Set down the whole listing verbatim.
--- START ---
(* Let $X=\{x_0,x_1,\ldots,x_m\}$ and let $\mathbb{R}^m_{pi}\langle\langle X\rangle\rangle$ be the set of purely improper series in $\mathbb{R}^m\langle\langle X\rangle\rangle$. Then the set $\delta\sqcup\!\sqcup\,\mathbb{R}^m_{pi}\langle\langle X\rangle\rangle=\{\delta_d : d\in \mathbb{R}^m_{pi}\langle\langle X\rangle\rangle\}$ forms a group under the multiplicative composition product $\delta_c\circ\delta_d:=\delta_{d\,\sqcup\!\sqcup\,(c\,\tilde\circ\,\delta_d)}$, with identity element $\delta_{\mathbb{1}}$, where $\mathbb{1}=[1\,1\cdots 1]^t\in\mathbb{R}^m$.
   Context: $X$ is a finite alphabet of noncommuting letters, $X^\ast$ the free monoid of words (with empty word $\emptyset$), and $\mathbb{R}^\ell\langle\langle X\rangle\rangle$ the set of formal power series $c=\sum_{\eta\in X^\ast}(c,\eta)\eta$ with coefficients $(c,\eta)\in\mathbb{R}^\ell$; $c_i$ denotes the $i$-th component series. A series is proper if $(c,\emptyset)=0$; $c\in\mathbb{R}^\ell\langle\langle X\rangle\rangle$ is purely improper if $(c_i,\emptyset)\neq 0$ for every $i=1,\ldots,\ell$. All products of vector-valued series are taken componentwise. The shuffle product is the bilinear product on words defined by $(x_i\eta)\sqcup\!\sqcup(x_j\xi)=x_i(\eta\sqcup\!\sqcup x_j\xi)+x_j(x_i\eta\sqcup\!\sqcup\xi)$, $\eta\sqcup\!\sqcup\emptyset=\emptyset\sqcup\!\sqcup\eta=\eta$, extended to series. The multiplicative mixed composition product of $c\in\mathbb{R}^p\langle\langle X\rangle\rangle$ and $d\in\mathbb{R}^m\langle\langle X\rangle\rangle$ is $c\,\tilde\circ\,\delta_d=\sum_{\eta\in X^\ast}(c,\eta)\,\bar\phi_d(\eta)(\mathbf{1})$, where $\mathbf{1}=1\emptyset$ and $\bar\phi_d$ is the algebra homomorphism from words (under concatenation) to linear endomorphisms of $\mathbb{R}\langle\langle X\rangle\rangle$ (under composition) determined by $\bar\phi_d(x_0)(e)=x_0e$ and $\bar\phi_d(x_i)(e)=x_i(d_i\sqcup\!\sqcup e)$ for $i=1,\ldots,m$, with $\bar\phi_d(\emptyset)$ the identity. For $d\in\mathbb{R}^m\langle\langle X\rangle\rangle$, $\delta_d$ is a formal symbol (standing for $\delta\sqcup\!\sqcup d$, the generating series of the operator $u\mapsto u\cdot F_d[u]$, $F_d$ the Chen-Fliess series of $d$); $\delta_c=\delta_d$ iff $c=d$. *)

From HB Require Import structures.
From mathcomp Require Import all_boot all_order all_algebra.
From mathcomp Require Import reals.
Set Implicit Arguments. Unset Strict Implicit. Unset Printing Implicit Defensive.
Import Order.TTheory GRing.Theory Num.Theory.
Local Open Scope ring_scope.

(* Alphabet X = {x_0, x_1, ..., x_m} is 'I_m.+1 : letter ord0 is x_0, and
   letter (lift ord0 i) for i : 'I_m is x_{i+1}, paired with component i of a
   vector series in R^m<<X>>. *)
Definition word (m : nat) := seq 'I_m.+1.

Definition series (R : realType) (m : nat) := word m -> R.
Definition vseries (R : realType) (l m : nat) := 'I_l -> series R m.

Section Series.
Variables (R : realType) (m : nat).

Definition one_ser : series R m := fun w => if w is [::] then 1 else 0.

(* This is the
   bilinear extension of the recursive shuffle on words. *)
Definition shuffle (c d : series R m) : series R m :=
  fun w => \sum_(b : (size w).-tuple bool)
             c (mask (tval b) w) * d (mask (map negb (tval b)) w).

Definition prepend (a : 'I_m.+1) (e : series R m) : series R m :=
  fun w => match w with
           | a' :: w' => if a' == a then e w' else 0
           | [::] => 0
           end.

Definition phi_letter (d : vseries R m m) (a : 'I_m.+1) (e : series R m)
  : series R m :=
  match unlift ord0 a with
  | None => prepend a e
  | Some i => prepend a (shuffle (d i) e)
  end.

Definition phi_word (d : vseries R m m) (eta : word m) (e : series R m)
  : series R m := foldr (phi_letter d) e eta.

(* Since phibar_d(eta)(1) only has words of
   length >= |eta| in its support, the coefficient at w of the (formally
   infinite) sum over eta only involves words eta with |eta| <= |w|. *)
Definition mixcomp (p : nat) (c : vseries R p m) (d : vseries R m m)
  : vseries R p m :=
  fun i w => \sum_(k < (size w).+1) \sum_(t : k.-tuple 'I_m.+1)
               c i (tval t) * phi_word d (tval t) one_ser w.

Definition purely_improper (l : nat) (c : vseries R l m) : Prop :=
  forall i : 'I_l, c i [::] <> 0.

(* formal symbols delta_d; Delta is injective, so delta_c = delta_d iff c = d *)
Variant delta_ser := Delta of vseries R m m.

Definition dcomp (x y : delta_ser) : delta_ser :=
  let: Delta c := x in let: Delta d := y in
  Delta (fun i => shuffle (d i) (mixcomp c d i)).

Definition one_vec : vseries R m m := fun _ => one_ser.

Definition delta_pi : delta_ser -> Prop :=
  fun x => exists d, purely_improper d /\ x = Delta d.

End Series.

From HB Require Import structures.
From mathcomp Require Import all_boot all_order all_algebra.
From mathcomp Require Import reals boolp.
Set Implicit Arguments. Unset Strict Implicit. Unset Printing Implicit Defensive.
Import Order.TTheory GRing.Theory Num.Theory.
Local Open Scope ring_scope.

(* Everything is driven by left quotients a^-1 c (w |-> c (a w)).  Putting
   d_(x_0) := 1, every letter map of phibar_d reads e |-> a (d_a ш e), and
   c ~o delta_d is the series with constant term c(empty) and
   a^-1 (c ~o delta_d) = d_a ш (a^-1 c ~o delta_d).  Induction on the length
   of words then shows that c |-> c ~o delta_d is a morphism of shuffle
   algebras and that (c ~o delta_d) ~o delta_e = c ~o delta_(e ш (d ~o delta_e)),
   which is associativity.  For inverses, the coefficient of w in
   d_j ш (c ~o delta_d) is d_j(empty) * prod_(a in w) d_a(empty) * c(w) plus
   terms involving c on shorter words only; for purely improper d this
   triangular system is solved by forward substitution, and left inverses in
   a monoid are two-sided. *)

Lemma linv_rinv (T : Type) (op : T -> T -> T) (e x y z : T) :
  op (op z y) x = op z (op y x) -> op e x = x -> op z e = z ->
  op y x = e -> op z y = e -> op x y = e.
Proof. by move=> zyxA ex ze yx zy; rewrite -zy -[in LHS]ex -zy zyxA yx ze. Qed.

Lemma big_tupleS (V : nmodType) (T : finType) n (F : n.+1.-tuple T -> V) :
  \sum_(t : n.+1.-tuple T) F t = \sum_(x : T) \sum_(t : n.-tuple T) F [tuple of x :: t].
Proof.
rewrite pair_big (reindex (fun p : T * n.-tuple T => [tuple of p.1 :: p.2])) //=.
exists (fun t : n.+1.-tuple T => (thead t, [tuple of behead t])).
  by move=> [x t] _; congr pair; apply: val_inj.
by move=> t _; rewrite [RHS]tuple_eta.
Qed.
--- END ---
(Result below):
(* Let $X=\{x_0,x_1,\ldots,x_m\}$ and let $\mathbb{R}^m_{pi}\langle\langle X\rangle\rangle$ be the set of purely improper series in $\mathbb{R}^m\langle\langle X\rangle\rangle$. Then the set $\delta\sqcup\!\sqcup\,\mathbb{R}^m_{pi}\langle\langle X\rangle\rangle=\{\delta_d : d\in \mathbb{R}^m_{pi}\langle\langle X\rangle\rangle\}$ forms a group under the multiplicative composition product $\delta_c\circ\delta_d:=\delta_{d\,\sqcup\!\sqcup\,(c\,\tilde\circ\,\delta_d)}$, with identity element $\delta_{\mathbb{1}}$, where $\mathbb{1}=[1\,1\cdots 1]^t\in\mathbb{R}^m$.
   Context: $X$ is a finite alphabet of noncommuting letters, $X^\ast$ the free monoid of words (with empty word $\emptyset$), and $\mathbb{R}^\ell\langle\langle X\rangle\rangle$ the set of formal power series $c=\sum_{\eta\in X^\ast}(c,\eta)\eta$ with coefficients $(c,\eta)\in\mathbb{R}^\ell$; $c_i$ denotes the $i$-th component series. A series is proper if $(c,\emptyset)=0$; $c\in\mathbb{R}^\ell\langle\langle X\rangle\rangle$ is purely improper if $(c_i,\emptyset)\neq 0$ for every $i=1,\ldots,\ell$. All products of vector-valued series are taken componentwise. The shuffle product is the bilinear product on words defined by $(x_i\eta)\sqcup\!\sqcup(x_j\xi)=x_i(\eta\sqcup\!\sqcup x_j\xi)+x_j(x_i\eta\sqcup\!\sqcup\xi)$, $\eta\sqcup\!\sqcup\emptyset=\emptyset\sqcup\!\sqcup\eta=\eta$, extended to series. The multiplicative mixed composition product of $c\in\mathbb{R}^p\langle\langle X\rangle\rangle$ and $d\in\mathbb{R}^m\langle\langle X\rangle\rangle$ is $c\,\tilde\circ\,\delta_d=\sum_{\eta\in X^\ast}(c,\eta)\,\bar\phi_d(\eta)(\mathbf{1})$, where $\mathbf{1}=1\emptyset$ and $\bar\phi_d$ is the algebra homomorphism from words (under concatenation) to linear endomorphisms of $\mathbb{R}\langle\langle X\rangle\rangle$ (under composition) determined by $\bar\phi_d(x_0)(e)=x_0e$ and $\bar\phi_d(x_i)(e)=x_i(d_i\sqcup\!\sqcup e)$ for $i=1,\ldots,m$, with $\bar\phi_d(\emptyset)$ the identity. For $d\in\mathbb{R}^m\langle\langle X\rangle\rangle$, $\delta_d$ is a formal symbol (standing for $\delta\sqcup\!\sqcup d$, the generating series of the operator $u\mapsto u\cdot F_d[u]$, $F_d$ the Chen-Fliess series of $d$); $\delta_c=\delta_d$ iff $c=d$. *)

From HB Require Import structures.
From mathcomp Require Import all_boot all_order all_algebra.
From mathcomp Require Import reals.
Set Implicit Arguments. Unset Strict Implicit. Unset Printing Implicit Defensive.
Import Order.TTheory GRing.Theory Num.Theory.
Local Open Scope ring_scope.

(* Alphabet X = {x_0, x_1, ..., x_m} is 'I_m.+1 : letter ord0 is x_0, and
   letter (lift ord0 i) for i : 'I_m is x_{i+1}, paired with component i of a
   vector series in R^m<<X>>. *)
Definition word (m : nat) := seq 'I_m.+1.

Definition series (R : realType) (m : nat) := word m -> R.
Definition vseries (R : realType) (l m : nat) := 'I_l -> series R m.

Section Series.
Variables (R : realType) (m : nat).

Definition one_ser : series R m := fun w => if w is [::] then 1 else 0.

(* This is the
   bilinear extension of the recursive shuffle on words. *)
Definition shuffle (c d : series R m) : series R m :=
  fun w => \sum_(b : (size w).-tuple bool)
             c (mask (tval b) w) * d (mask (map negb (tval b)) w).

Definition prepend (a : 'I_m.+1) (e : series R m) : series R m :=
  fun w => match w with
           | a' :: w' => if a' == a then e w' else 0
           | [::] => 0
           end.

Definition phi_letter (d : vseries R m m) (a : 'I_m.+1) (e : series R m)
  : series R m :=
  match unlift ord0 a with
  | None => prepend a e
  | Some i => prepend a (shuffle (d i) e)
  end.

Definition phi_word (d : vseries R m m) (eta : word m) (e : series R m)
  : series R m := foldr (phi_letter d) e eta.

(* Since phibar_d(eta)(1) only has words of
   length >= |eta| in its support, the coefficient at w of the (formally
   infinite) sum over eta only involves words eta with |eta| <= |w|. *)
Definition mixcomp (p : nat) (c : vseries R p m) (d : vseries R m m)
  : vseries R p m :=
  fun i w => \sum_(k < (size w).+1) \sum_(t : k.-tuple 'I_m.+1)
               c i (tval t) * phi_word d (tval t) one_ser w.

Definition purely_improper (l : nat) (c : vseries R l m) : Prop :=
  forall i : 'I_l, c i [::] <> 0.

(* formal symbols delta_d; Delta is injective, so delta_c = delta_d iff c = d *)
Variant delta_ser := Delta of vseries R m m.

Definition dcomp (x y : delta_ser) : delta_ser :=
  let: Delta c := x in let: Delta d := y in
  Delta (fun i => shuffle (d i) (mixcomp c d i)).

Definition one_vec : vseries R m m := fun _ => one_ser.

Definition delta_pi : delta_ser -> Prop :=
  fun x => exists d, purely_improper d /\ x = Delta d.

End Series.

From HB Require Import structures.
From mathcomp Require Import all_boot all_order all_algebra.
From mathcomp Require Import reals boolp.
Set Implicit Arguments. Unset Strict Implicit. Unset Printing Implicit Defensive.
Import Order.TTheory GRing.Theory Num.Theory.
Local Open Scope ring_scope.

(* Everything is driven by left quotients a^-1 c (w |-> c (a w)).  Putting
   d_(x_0) := 1, every letter map of phibar_d reads e |-> a (d_a ш e), and
   c ~o delta_d is the series with constant term c(empty) and
   a^-1 (c ~o delta_d) = d_a ш (a^-1 c ~o delta_d).  Induction on the length
   of words then shows that c |-> c ~o delta_d is a morphism of shuffle
   algebras and that (c ~o delta_d) ~o delta_e = c ~o delta_(e ш (d ~o delta_e)),
   which is associativity.  For inverses, the coefficient of w in
   d_j ш (c ~o delta_d) is d_j(empty) * prod_(a in w) d_a(empty) * c(w) plus
   terms involving c on shorter words only; for purely improper d this
   triangular system is solved by forward substitution, and left inverses in
   a monoid are two-sided. *)

Lemma linv_rinv (T : Type) (op : T -> T -> T) (e x y z : T) :
  op (op z y) x = op z (op y x) -> op e x = x -> op z e = z ->
  op y x = e -> op z y = e -> op x y = e.
Proof. by move=> zyxA ex ze yx zy; rewrite -zy -[in LHS]ex -zy zyxA yx ze. Qed.

Lemma big_tupleS (V : nmodType) (T : finType) n (F : n.+1.-tuple T -> V) :
  \sum_(t : n.+1.-tuple T) F t = \sum_(x : T) \sum_(t : n.-tuple T) F [tuple of x :: t].
Proof.
rewrite pair_big (reindex (fun p : T * n.-tuple T => [tuple of p.1 :: p.2])) //=.
exists (fun t : n.+1.-tuple T => (thead t, [tuple of behead t])).
  by move=> [x t] _; congr pair; apply: val_inj.
by move=> t _; rewrite [RHS]tuple_eta.
Qed.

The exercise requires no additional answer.